And that is the most important thing. We are not here to save the world, but to save ourselves. It is we who are threatened by those instruments of Jihad — Da’wa and demographic conquest and the “money” weapon — that we persist in ignoring, as we clump-clump-clump at great expense into places we did not study sufficiently. And we remain hideously stuck in those places through the sheer obstinacy of this administration that is incapable of admitting it was mistaken, and would rather continue to sacrifice men, money, materiel, on an unproven, sentimental, and by now self-evidently foolish theory about “victory” in Iraq that convinces no one, and in fact, has not even been coherently explained.

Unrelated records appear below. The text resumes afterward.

(* Let $b$ and $c$ be coprime positive integers with $c$ odd. Then for every integer $q\geq1$ and all $y,z\in\mathbb{R}$, $$2bc^{q}S^{(3)}_{q}(b,c:y,z)-qcb^{q}S^{(4)}_{q}(c,b:z,y)=2\sum_{h=0}^{q}\binom{q}{h}b^{q+1-h}c^{h}\mathcal{E}_{q-h}(z)\mathcal{B}_{h}(y).$$
   Context: $B_n(x)$ is the $n$th Bernoulli polynomial ($\frac{te^{xt}}{e^t-1}=\sum B_n(x)\frac{t^n}{n!}$) and $\mathcal{B}_n(x)=B_n(x-[x])$ the $n$th Bernoulli function ($[x]$ the largest integer $\le x$; $\mathcal{B}_0\equiv1$). $E_n(x)$ is the $n$th Euler polynomial ($\frac{2e^{xt}}{e^t+1}=\sum E_n(x)\frac{t^n}{n!}$), and the Euler function $\mathcal{E}_n$ ($n\ge0$) is defined by $\mathcal{E}_n(x)=E_n(x)$ for $0\le x<1$ and $\mathcal{E}_n(x+m)=(-1)^m\mathcal{E}_n(x)$ for $m\in\mathbb{Z}$. For positive integers $b,c$, an integer $q\ge1$ and real $y,z$, define $$S^{(3)}_{q}(b,c:y,z)=\sum_{\mu=0}^{c-1}(-1)^{\mu}\mathcal{B}_{q}\Big(b\frac{\mu+z}{c}+y\Big)\mathcal{E}_{0}\Big(\frac{\mu+z}{c}\Big),\qquad S^{(4)}_{q}(c,b:z,y)=\sum_{\mu=0}^{b-1}\mathcal{E}_{q-1}\Big(c\frac{\mu+y}{b}+z\Big)\mathcal{E}_{0}\Big(\frac{\mu+y}{b}\Big).$$ *)

From HB Require Import structures.
From mathcomp Require Import all_boot all_order all_algebra.
From mathcomp Require Import reals.
Set Implicit Arguments. Unset Strict Implicit. Unset Printing Implicit Defensive.
Import Order.TTheory GRing.Theory Num.Theory.
Local Open Scope ring_scope.
(* Let $s\ge2$, $1\le t\le k-1$, $N$ a positive multiple of $s^t$, $\lambda=N/s^t$, and $p_{\max}$ a positive integer with $p_{\max}\le\lambda$. Then the formulation symmetry group $G(k,s,t)$ of ILP (OA) equals the group $G^{\rm iso}(k,s)\cong S_s\wr S_k$, and $G(k,s,t)$ is contained in the symmetry group $G(k,s,t)^{\rm LP}$ of the LP relaxation of ILP (OA); hence $|G(k,s,t)^{\rm LP}|\ge k!(s!)^k$.
   Context: Variables $x_{\mathbf{i}}$ are indexed by $\mathbf{i}=(i_1,\dots,i_k)\in\{0,\dots,s-1\}^k$ ($x_{\mathbf i}$ is the number of times the symbol combination $\mathbf i$ occurs as a row of an $N\times k$ array). ILP (OA) is: minimize $\sum_{\mathbf i}x_{\mathbf i}$ subject to, for every $t$-subset $J\subseteq\{1,\dots,k\}$ and every $a\in\{0,\dots,s-1\}^J$, $\sum_{\mathbf i:\ i_j=a_j\ \forall j\in J}x_{\mathbf i}=\lambda$; $0\le x_{\mathbf i}\le p_{\max}$; $x_{\mathbf i}\in\mathbb{Z}$. Its LP relaxation drops integrality; with feasible set $\mathcal F$, $G(k,s,t)^{\rm LP}$ is the set of permutations $\pi$ of the index set such that $\pi(x)\in\mathcal F$ and the objective value is preserved for all $x\in\mathcal F$, where $\pi(x)_{\mathbf i}=x_{\pi^{-1}(\mathbf i)}$. For an LP/ILP written as min $c^{\top}x$ s.t. $Ax=b$, $Bx\le d$, the formulation symmetry group is the set of variable permutations $\pi$ with $\pi(c)=c$ for which there exist row permutations $\sigma,\tau$ of $A$ and $B$ such that permuting the columns of $A,B$ by $\pi$ and rows by $\sigma,\tau$ returns $A,B$, with $b,d$ preserved by $\sigma,\tau$. $G^{\rm iso}(k,s)$ is the group of permutations of $\{0,\dots,s-1\}^k$ generated by permuting coordinates and permuting the symbols $\{0,\dots,s-1\}$ independently within each coordinate (isomorphism operations); it has order $k!(s!)^k$. *)

From HB Require Import structures.
From mathcomp Require Import all_boot all_order all_algebra all_fingroup.
Set Implicit Arguments. Unset Strict Implicit. Unset Printing Implicit Defensive.
Import Order.TTheory GRing.Theory Num.Theory.
Local Open Scope ring_scope.

Notation idx k s := {ffun 'I_k -> 'I_s}.

(* Rows of the equality system of ILP (OA): a pair (J, a) with J a t-subset of
   {1..k} and a in {0..s-1}^J, encoded as a partial assignment
   a : 'I_k -> option 'I_s whose domain {j | a j <> None} is J, |J| = t. *)
Notation oa_row k s t :=
  {a : {ffun 'I_k -> option 'I_s} | #|[set j | a j != None]| == t}.

(* Generic formulation  min c^T x  s.t.  A x = b,  B x <= d  (integer data). *)

Definition formulation_sym (I RA RB : finType) (c : I -> int)
  (A : RA -> I -> int) (b : RA -> int) (B : RB -> I -> int) (d : RB -> int)
  (pi : {perm I}) : Prop :=
  (forall i, c (pi i) = c i) /\
  (exists sigma : {perm RA},
      (forall r i, A (sigma r) (pi i) = A r i) /\ (forall r, b (sigma r) = b r)) /\
  (exists tau : {perm RB},
      (forall r i, B (tau r) (pi i) = B r i) /\ (forall r, d (tau r) = d r)).

Definition lp_feasible (R : realFieldType) (I RA RB : finType)
  (A : RA -> I -> int) (b : RA -> int) (B : RB -> I -> int) (d : RB -> int)
  (x : I -> R) : Prop :=
  (forall r, \sum_i (A r i)%:~R * x i = (b r)%:~R) /\
  (forall r, \sum_i (B r i)%:~R * x i <= (d r)%:~R).

Definition perm_vec (R : Type) (I : finType) (pi : {perm I}) (x : I -> R) : I -> R :=
  fun i => x ((pi^-1)%g i).

Definition lp_sym (R : realFieldType) (I RA RB : finType) (c : I -> int)
  (A : RA -> I -> int) (b : RA -> int) (B : RB -> I -> int) (d : RB -> int)
  (pi : {perm I}) : Prop :=
  forall x : I -> R, lp_feasible A b B d x ->
    lp_feasible A b B d (perm_vec pi x) /\
    \sum_i (c i)%:~R * perm_vec pi x i = \sum_i (c i)%:~R * x i.

Definition oa_c (k s : nat) : idx k s -> int := fun _ => 1.

Definition oa_A (k s t : nat) (r : oa_row k s t) (i : idx k s) : int :=
  if [forall j, (sval r j == None) || (sval r j == Some (i j))] then 1 else 0.

Definition oa_b (k s t lam : nat) : oa_row k s t -> int := fun _ => lam%:Z.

For in what would such a “victory” consist? Would it consist of some nation-state, with the Americans still there, keeping Kurds from exiting, defending from attack now the Shi’a, and now the Sunnis? Would it be shown by the presence of American soldiers, under attack but still working away at that ultimate symbol of madness and folly, that 21-building “Embassy Complex,” costing $595 million? It will never be used as an American Embassy in a safe, grateful, friendly Iraq. That is certain — certain to everyone but to those in the Administration who keep building the damn thing. But does anyone speak out about this folly, symbol of all that is crazy in tarbaby Iraq?
Not yet. But they will. And then, for those who continue to believe that the best way to deal with the Jihad is to build up this or that Muslim army or state, to find “friends” and create “models” in the Muslim world while ignoring the real nature of Islam and refusing to pay attention to the demographic problem in Western Europe, the silly cheerleaders for “transformative diplomacy” and the Democracy-Is-On-the-March movement, it will all be over
And that should be the end of sentimentality as state policy.